Let me explain. Right now, Baby Perla goes everywhere I go; we’re a package “Kangaroo-like” deal. I don’t have to worry about packing a bag each time we leave the house. I don’t have to think about bundling a baby up each time we go anywhere. The baby is warm, quiet, happy, quiet and content inside the womb, did I mention quiet? My body feeds the baby on its own. I can go to work, go shopping and go to Doctor appointments with ease (except getting in and out of the car). Once Baby Perla arrives, he/she will still be going everywhere with me, but with much more gear, equipment and difficulty!

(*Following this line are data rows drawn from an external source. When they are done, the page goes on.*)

Definition gadget_cases (t s m t' s' m' : nat) : Prop :=
  (t = 0 /\ t' = 0 /\ s = s' /\ m = m' /\ in_tree aM s) \/
  (t = 1 /\ t' = 1 /\ s = s' /\ m < m' /\ in_tree aM s) \/
  (t = 1 /\ t' = 0 /\ s = s' /\ m <= m' /\ in_tree aM s) \/
  (t = 2 /\ t' = 2 /\ m = 0 /\ m' = 0 /\ in_tree aM s' /\ prefix_lt s s') \/
  (t = 2 /\ t' = 0 /\ m = 0 /\ in_tree aM s' /\ prefix_le s s') \/
  (t = 3 /\ t' = 3 /\ s = s' /\ m = 0 /\ m' = 0 /\ in_tree aH s) \/
  ((t = 4 \/ t = 5) /\ t' = t /\ m = 0 /\ m' = 0 /\ in_tree aH s' /\ prefix_lt s s') \/
  ((t = 4 \/ t = 5) /\ t' = 3 /\ m = 0 /\ m' = 0 /\ in_tree aH s' /\ prefix_le s s') \/
  (t = 6 /\ t' = 6 /\ s = s' /\ m = 0 /\ m' = 0 /\ in_tree aF s) \/
  (t = 7 /\ t' = 7 /\ m = 0 /\ m' = 0 /\ in_tree aF s' /\ prefix_lt s s') \/
  (t = 7 /\ t' = 6 /\ m = 0 /\ m' = 0 /\ in_tree aF s' /\ prefix_le s s') \/
  (t = 7 /\ t' = 8 /\ m = 0 /\ s' = 0 /\ m' = 0 /\ in_tree aF s) \/
  (t = 8 /\ s = 0 /\ m = 0 /\ t' = 8 /\ s' = 0 /\ m' = 0).

Lemma gadget_iff_cases x y :
  gadget aM aH aF x y <-> gadget_cases (tag x) (node x) (idx x) (tag y) (node y) (idx y).
Proof.
  split.
  - intro H. unfold gadget_cases.
    inversion H; subst; unfold apex; rewrite ?tag_pt, ?node_pt, ?idx_pt.
    all: do 12 try (try (left; repeat split; auto; lia); right).
    all: repeat split.
  - intro H. rewrite <- (pt_tag_node_idx x), <- (pt_tag_node_idx y). revert H.
    generalize (tag x) (node x) (idx x) (tag y) (node y) (idx y). intros t s m t' s' m' H.
    unfold gadget_cases in H.
    repeat match goal with H : _ \/ _ |- _ => destruct H as [H|H] end;
    repeat match goal with H : _ /\ _ |- _ => destruct H as [? H] end; subst.
    all: solve [econstructor; eauto | apply g_copyH; auto | apply g_copyH_top; auto].
Qed.

Definition ind_gadget6 (t s m t' s' m' : nat) : nat :=
  ind_eq t 0 * ind_eq t' 0 * ind_eq s s' * ind_eq m m' * ind_in_tree aM s +
  ind_eq t 1 * ind_eq t' 1 * ind_eq s s' * ind_lt m m' * ind_in_tree aM s +
  ind_eq t 1 * ind_eq t' 0 * ind_eq s s' * ind_le m m' * ind_in_tree aM s +
  ind_eq t 2 * ind_eq t' 2 * ind_eq m 0 * ind_eq m' 0 * ind_in_tree aM s' * ind_prefix_lt s s' +
  ind_eq t 2 * ind_eq t' 0 * ind_eq m 0 * ind_in_tree aM s' * ind_prefix_le s s' +
  ind_eq t 3 * ind_eq t' 3 * ind_eq s s' * ind_eq m 0 * ind_eq m' 0 * ind_in_tree aH s +
  (ind_eq t 4 + ind_eq t 5) * ind_eq t' t * ind_eq m 0 * ind_eq m' 0 * ind_in_tree aH s' *
    ind_prefix_lt s s' +
  (ind_eq t 4 + ind_eq t 5) * ind_eq t' 3 * ind_eq m 0 * ind_eq m' 0 * ind_in_tree aH s' *
    ind_prefix_le s s' +
  ind_eq t 6 * ind_eq t' 6 * ind_eq s s' * ind_eq m 0 * ind_eq m' 0 * ind_in_tree aF s +
  ind_eq t 7 * ind_eq t' 7 * ind_eq m 0 * ind_eq m' 0 * ind_in_tree aF s' * ind_prefix_lt s s' +
  ind_eq t 7 * ind_eq t' 6 * ind_eq m 0 * ind_eq m' 0 * ind_in_tree aF s' * ind_prefix_le s s' +
  ind_eq t 7 * ind_eq t' 8 * ind_eq m 0 * ind_eq s' 0 * ind_eq m' 0 * ind_in_tree aF s +
  ind_eq t 8 * ind_eq s 0 * ind_eq m 0 * ind_eq t' 8 * ind_eq s' 0 * ind_eq m' 0.

Lemma ind_gadget6_ne t s m t' s' m' :
  ind_gadget6 t s m t' s' m' <> 0 <-> gadget_cases t s m t' s' m'.
Proof.
  unfold ind_gadget6, gadget_cases.
  rewrite !add_ne, !mul_ne, !add_ne, !ind_eq_ne, !ind_lt_ne, !ind_le_ne, !ind_in_tree_ne,
    !ind_prefix_lt_ne, !ind_prefix_le_ne.
  tauto.
Qed.

Definition ind_gadget (x y : nat) : nat :=
  ind_gadget6 (tag x) (node x) (idx x) (tag y) (node y) (idx y).

Lemma ind_gadget_ne x y : ind_gadget x y <> 0 <-> gadget aM aH aF x y.
Proof. unfold ind_gadget. rewrite ind_gadget6_ne, gadget_iff_cases. reflexivity. Qed.

End GadgetIndicator.

(** * Total programs *)

Fixpoint eval_det c v y (H : eval c v y) {struct H} : forall y', eval c v y' -> y = y'
with evals_det gs v ys (H : evals gs v ys) {struct H} : forall ys', evals gs v ys' -> ys = ys'.
Proof.
  - destruct H; intros y' H'; inversion H'; subst; auto.
    + assert (ys = ys0) by (eapply evals_det; eauto). subst. eapply eval_det; eauto.
    + eapply eval_det; eauto.
    + assert (z = z0) by (eapply eval_det; eauto). subst. eapply eval_det; eauto.
    + match goal with
      | Hf : forall m, m < y' -> exists k, eval _ (m :: _) (S k),
        Hf' : forall m, m < n -> exists k, eval _ (m :: _) (S k),
        H0 : eval _ (y' :: _) 0 |- _ =>
          destruct (Nat.lt_trichotomy n y') as [Hlt|[Heq|Hgt]]; auto; exfalso;
          [ destruct (Hf n Hlt) as [k Hk]; pose proof (eval_det _ _ _ H _ Hk)
          | destruct (Hf' y' Hgt) as [k Hk]; pose proof (eval_det _ _ _ Hk _ H0) ];
          discriminate
      end.
  - destruct H; intros ys' H'; inversion H'; subst; auto.
    f_equal; [eapply eval_det; eauto|eapply evals_det; eauto].
Qed.

Definition recf_ind_nested (P : recf -> Prop) (H0 : P RZero) (H1 : P RSucc)
  (H2 : forall i, P (RProj i)) (H3 : forall f gs, P f -> Forall P gs -> P (RComp f gs))
  (H4 : forall f g, P f -> P g -> P (RPrec f g)) (H5 : forall f, P f -> P (RMin f)) :
  forall c, P c :=
  fix F c := match c with
  | RZero => H0 | RSucc => H1 | RProj i => H2 i
  | RComp f gs => H3 f gs (F f) ((fix G l : Forall P l := match l with
                                  | [] => Forall_nil P
                                  | g :: l' => Forall_cons g (F g) (G l') end) gs)
  | RPrec f g => H4 f g (F f) (F g)
  | RMin f => H5 f (F f) end.

Fixpoint enc_list (l : list recf) : nat :=
  match l with [] => 0 | g :: l' => S (cpair (enc g) (enc_list l')) end.

Lemma enc_comp f gs : enc (RComp f gs) = cpair 3 (cpair (enc f) (enc_list gs)).
Proof. reflexivity. Qed.

Lemma enc_inj c1 c2 : enc c1 = enc c2 -> c1 = c2.
Proof.
  revert c2.
  induction c1 as [| |i|f gs IHf IHgs|f g IHf IHg|f IHf] using recf_ind_nested; intros c2 H;
  destruct c2 as [| |i'|f' gs'|f' g'|f']; try rewrite !enc_comp in H; cbn [enc] in H;
  try (apply cpair_inj in H as [H _]; discriminate H);
  apply cpair_inj in H as [_ H]; try (apply cpair_inj in H as [H1 H2]).
  - reflexivity.
  - reflexivity.
  - subst; reflexivity.
  - rewrite (IHf _ H1). f_equal. clear IHf H1.
    revert gs' H2. induction IHgs; intros gs' H2; destruct gs'; cbn [enc_list] in H2;
      try discriminate; [reflexivity|].
    injection H2 as H2. apply cpair_inj in H2 as [E1 E2]. f_equal; auto.
  - rewrite (IHf _ H1), (IHg _ H2). reflexivity.
  - rewrite (IHf _ H). reflexivity.
Qed.

Lemma phi_enc c args y : phi (enc c) args y <-> eval c args y.
Proof.
  split; [intros [c' [E H]]; apply enc_inj in E; subst; exact H|intro H; exists c; auto].
Qed.

Lemma W_enc c x : W (enc c) x <-> exists y, eval c [x] y.
Proof. unfold W. setoid_rewrite phi_enc. reflexivity. Qed.

Record prog := mkP {
  code : recf;
  sem : list nat -> nat;
  code_sem : forall v, eval code v (sem v) }.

Although my everyday life has not changed much, it will in a few short weeks. I am okay with that, in fact, I can’t wait for it all to change. Yes, some things will be more challenging then they are now. My life will be completely turned upside down. I am a creature of habit, so all my routines will go out the window. But, what other time in life can you be so excited for your life to change so drastically?
Although parts of my everyday life may be simple right now, I am aware that it will all change. And that is okay because something is missing right now from our family. That something will make its entrance into my and Brian's life and fill every ounce of our hearts with love.